In questa ottica si muove la proposta di
riordino della Toscana di cui ho parlato recentemente incentrata sulla riduzione del numero delle Asl, e la riorganizzazione della rete ospedaliera del Piemonte di cui intendo occuparmi a breve.
Nel caso della Lombardia non di riordino si tratta ma di riforma e in questo desolato panorama in cui tutto viene riordinato per restare invariante è un fatto che ha quanto meno un certo significato politico. Allora perché negarlo?
Lo spirito riformatore della proposta lombarda si evince da tante cose sulle quali si può anche non essere d’accordo ma che testimoniano comunque una volontà evolutiva (nuovo rapporto tra programmazione e erogazione, assessorato unicosalute-famiglia, integrazione della rete ospedaliera con quella territoriale, nuovo rapporto tra sanità e enti locali quindi integrazione socio sanitaria, programmazione su base epidemiologica ecc).
Si dirà che alcune di queste proposte non sono proprio idee nuove di zecca e questo è vero ma il bello è che la maggior parte delle regioni a queste idee hanno rinunciato da tempo scadendo per l’appunto nelle logiche economicistiche del riordino, mentre la Lombardia proprio in ragione delle sue esperienze passate le sta recuperando e in una certa misura rinnovando.
In questo sforzo riformatore ci sono tre idee nuove che vorrei rimarcare:
· il discorso sull’appropriatezza quale relazione tra clinica e economia che è un discorso non di compatibilità ma di compossibilità tra modo di conoscere la malattia e limite economico;
· l’unificazione in un unico assessorato le problematiche sociali con le problematiche sanitarie
· la valorizzazione delle professioni attraverso una “
contrattistica” regionale il cui presupposto sono le prassi del lavoro assunte quali mezzi di cambiamento per rispondere meglio ai bisogni delle persone e per governare meglio i problemi della spesa.
Su questo ultimo punto la ministra Lorenzin in nome del pragmatismo si è detta contraria, ma è proprio per essere pragmatisti, nel senso giusto del termine, che, a certe condizioni la proposta della Lombardia va incoraggiata.
Le mie proposte di
autore cioè di operatore che va oltre l’idea burocratica di “
compitiere”, da definire con un nuovo scambio tra autonomia/responsabilità/esiti, sono note, come quella discussa su queste pagine di
shareholder, cioè di un operatore che considera la propria professionalità il proprio capitale, e penso anche quella di
reticolo professionale, cioè di un modo per definire prassi effettive a partire da effettive organizzazioni del lavoro. Il fil rouge di queste idee è riformare le prassi per riformare i loro effetti sia nei confronti dei diritti che nei confronti dei limiti economici proprio nel senso della proposta della Lombardia.

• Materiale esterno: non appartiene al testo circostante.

Lemma sigL_graph_top_of_section (O A : C) (c : Hom O A) (h : ~ stable_initial O)
  (s : Hom A O) : comp c s = idm A -> is_top (sigL Ac h (graph E c)).
Proof.
  intro Hs.
  assert (Hunit : is_top (pb c (sigL Ac h (graph E c)))).
  { intro chi. pose proof (proj1 (sigL_adj Ac h (graph E c) _) (le_refl _)) as H.
    apply (pb_mono (pair (idm O) c)) in H.
    rewrite <- pb_comp, pair_p2, pb_pair_graph, comp_id_r in H.
    eapply le_trans; [apply (delta_pair_top E)|exact H]. }
  intro x. rewrite <- (pb_id (sigL Ac h (graph E c))), <- Hs, pb_comp.
  apply (pb_top E s Hunit).
Qed.

End ExistentialOfGraph.

Section Complement.

Variables (C : FPCat) (P : Doctrine C) (Ea : Eaco P).

Local Notation E := (ea_el Ea).
Local Notation Co := (ea_co Ea).
Local Notation Ac := (ea_ac Ea).
Local Notation mt x y := (meet (el_prim E) x y).

(* The image of [ceil y]; AC provides no existential over a stable initial
   [co y], and there the junk value is [bot], which is then also the top. *)
Definition neg (A : C) (y : PA P A) : PA P A :=
  match excluded_middle_informative (stable_initial (co Co y)) with
  | left _ => bot Co A
  | right h => sigL Ac h (graph E (ceil Co y))
  end.

Lemma pb_neg (X A : C) (f : Hom X A) (alpha : PA P A) :
  ~ stable_initial (co Co alpha) -> ~ stable_initial (co Co (pb f alpha)) ->
  pb f (neg alpha) = neg (pb f alpha).
Proof.
  intros Ha Hfa. unfold neg.
  destruct (excluded_middle_informative (stable_initial (co Co alpha))) as [|h1];
    [contradiction|].
  destruct (excluded_middle_informative (stable_initial (co Co (pb f alpha)))) as [|h2];
    [contradiction|].
  rewrite !sigL_eps. apply ea_cond.
Qed.
Lemma sqrt2_phi_inv_sqr_expansion :
  (fun k : nat => (((Num.sqrt 2 * phi k) ^+ 2)^-1 - (A k ^+ 2)^-1
                   + 2 * (ln (k%:R : R) / 2) / A k ^+ 3) * k%:R ^+ 3) @ \oo --> 0.
Proof.
have e_cvg := (cvgr0Pnorm_lt _).1 sqrt2_phi_expansion.
have r_cvg := (cvgr0Pnorm_lt _).1 (@half_ln_sqr_div_cvg0 R).
apply/cvgr0Pnorm_lt => eps eps_gt0; near=> k.
have k_ge1 : (1 <= k)%N by near: k; exact: nbhs_infty_ge.
have k_big : 2 * `|zeta| < k%:R by near: k; exact: nbhs_infty_gtr.
have e_le1 : `|Num.sqrt 2 * phi k - A k - ln (k%:R : R) / 2| < 1.
  by near: k; exact: e_cvg.
have e_small : `|Num.sqrt 2 * phi k - A k - ln (k%:R : R) / 2| < eps / 32.
  by near: k; apply: e_cvg; rewrite divr_gt0.
have r_small : `|(ln (k%:R : R) / 2 + 1) ^+ 2 / k%:R| < eps / 40.
  by near: k; apply: r_cvg; rewrite divr_gt0.
set B := Num.sqrt 2 * phi k; set l := ln (k%:R : R) / 2.
have k_gt0 : 0 < k%:R :> R by rewrite ltr0n.
have s2_inv_gt0 : 0 < (Num.sqrt 2)^-1 :> R by rewrite invr_gt0 sqrtr_gt0.
have A_ge : k%:R / 2 <= A k by have := ler_norm (- zeta); rewrite normrN; lra.
have B_ge : k%:R <= B.
  have [m km] : exists m, k = m.+1 by exists k.-1; rewrite prednK.
  have /andP[B_ge _] := sqrt2_mul_root_bounds (phi_gt0 m.+1) (theta_gt0 m) (phiS m).
  by have := theta_ge m; rewrite /B km -[m.+1%:R]natr1; lra.
have l_ge0 : 0 <= l by rewrite divr_ge0 // ln_ge0 // ler1n.
have BE : B = A k + l + (B - A k - l) by ring.
apply: le_lt_trans (inv_sqr_expansion_bound k_gt0 A_ge B_ge l_ge0 (ltW e_le1) BE) _.
rewrite ger0_norm ?divr_ge0 ?sqr_ge0 // in r_small; rewrite /l; lra.
Unshelve. all: by end_near.
Qed.

Lemma rate_bound_expansion (C : R) :
  (fun k : nat =>
     (C / (2 * phi k ^+ 2) - (C / A k ^+ 2 - C * ln (k%:R : R) / A k ^+ 3)) * k%:R ^+ 3)
    @ \oo --> 0.
Proof.
rewrite -(mulr0 C); apply: (cvg_trans _ (cvgMl_tmp sqrt2_phi_inv_sqr_expansion)).
apply: near_eq_cvg; near=> k.
rewrite exprMn sqr_sqrtr // [2 * (_ / 2)]mulrC divfK //; ring.
Unshelve. all: by end_near.
Qed.
End ThetaPhiAsymptotics.

Theorem corollary3 (R : realType) (n : nat) (f : 'rV[R]_n -> R) (L : R)
  (xs : 'rV[R]_n) (theta phi : nat -> R) (zeta : R)
  (x y xt : nat -> 'rV[R]_n) :
  convex_fun f ->
  (forall z : 'rV[R]_n, differentiable f z) ->
  0 < L ->
  (forall u v : 'rV[R]_n, enorm (gradient f u - gradient f v) <= L * enorm (u - v)) ->
  (forall z : 'rV[R]_n, f xs <= f z) ->
  (* theta k stands for the paper's theta_k (k >= 0); theta_{-1} = 0 *)
  theta 0%N = 1 ->
  (forall k : nat, 0 < theta k.+1 /\ theta k.+1 ^+ 2 - theta k.+1 = theta k ^+ 2) ->
  (forall k : nat, 0 < phi k) ->
  phi 0%N ^+ 2 - phi 0%N = 2 * 0 ^+ 2 ->
  (forall k : nat, phi k.+1 ^+ 2 - phi k.+1 = 2 * theta k ^+ 2) ->
  (* zeta is the limit given in the context *)
  (fun k : nat => 2 * theta k - k%:R - 1 - 2^-1 * ln (k%:R : R)) @ \oo --> zeta ->
  y 0%N = x 0%N ->
  xt 0%N = x 0%N ->
  (forall k : nat,
     y k.+1 = x k - L^-1 *: gradient f (x k) /\
     x k.+1 = y k.+1 + ((theta k - 1) / theta k.+1) *: (y k.+1 - y k)
                     + (theta k / theta k.+1) *: (y k.+1 - x k) /\
     xt k.+1 = y k.+1 + ((theta k - 1) / phi k.+1) *: (y k.+1 - y k)
                      + (theta k / phi k.+1) *: (y k.+1 - x k)) ->
  (forall k : nat,
     f (xt k) - f xs <= L * enorm (x 0%N - xs) ^+ 2 / (2 * phi k ^+ 2)) /\
  (fun k : nat =>
     (L * enorm (x 0%N - xs) ^+ 2 / (2 * phi k ^+ 2)
      - (L * enorm (x 0%N - xs) ^+ 2 / (k%:R + zeta + (Num.sqrt 2)^-1) ^+ 2
         - L * enorm (x 0%N - xs) ^+ 2 * ln (k%:R : R)
             / (k%:R + zeta + (Num.sqrt 2)^-1) ^+ 3))
     * (k%:R) ^+ 3) @ \oo --> (0 : R).
Proof.
move=> f_convex f_diff L_gt0 f_lip xs_min theta0 thetaS phi_gt0 phi0 phiS theta_cvg _ xt0 step.
split; last exact: rate_bound_expansion theta0 thetaS phi_gt0 phiS theta_cvg _.
exact: ogm_rate f_diff L_gt0 f_lip f_convex xs_min theta0 thetaS phi_gt0 phi0 phiS xt0 step.
Qed.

Se a prassi riformate corrispondono effetti riformati, cioè se cresce il valore aggiunto del valore delle professioni, questo valore aggiunto va retribuito oltreché con delle retribuzioni mensili anche con delle “
attribuzioni” periodiche finalizzate a compensare l’impegno misurato per risultati. Per fare tutto ciò l’idea della Lombardia è la prima condizione fondamentale, cioè contrattare sul posto le condizioni del valore effettivo del lavoro e quindi dare un altro peso politico a quello che si definisce “
contrattazione decentrata”.
In conclusione: applaudo all’idea riformatrice della Lombardia...che invito a continuare il suo cammino evolutivo.. suggerendole ai fini di sostenere una contrattualistica adeguata di mettere in piedi un laboratorio “
lavoro”. In tanti anni di riordino sanitario e quindi di programmazione sanitaria nessuno, ripeto, nessuno, ha mai avuto l’idea di fare del lavoro il primo fattore di trasformazione del sistema. Tutto ciò che è stato organizzato, riordinato ...razionalizzato è stato concepito a lavoro sostanzialmente invariante. Non si riforma “
un tubo” se non si riformano le prassi. Se il lavoro come sostengo io è il vero capitale del sistema riformare le prassi vale come la sua ricapitalizzazione. Ma senza una “
contrattistica” adeguata come faccio a ricapitalizzare?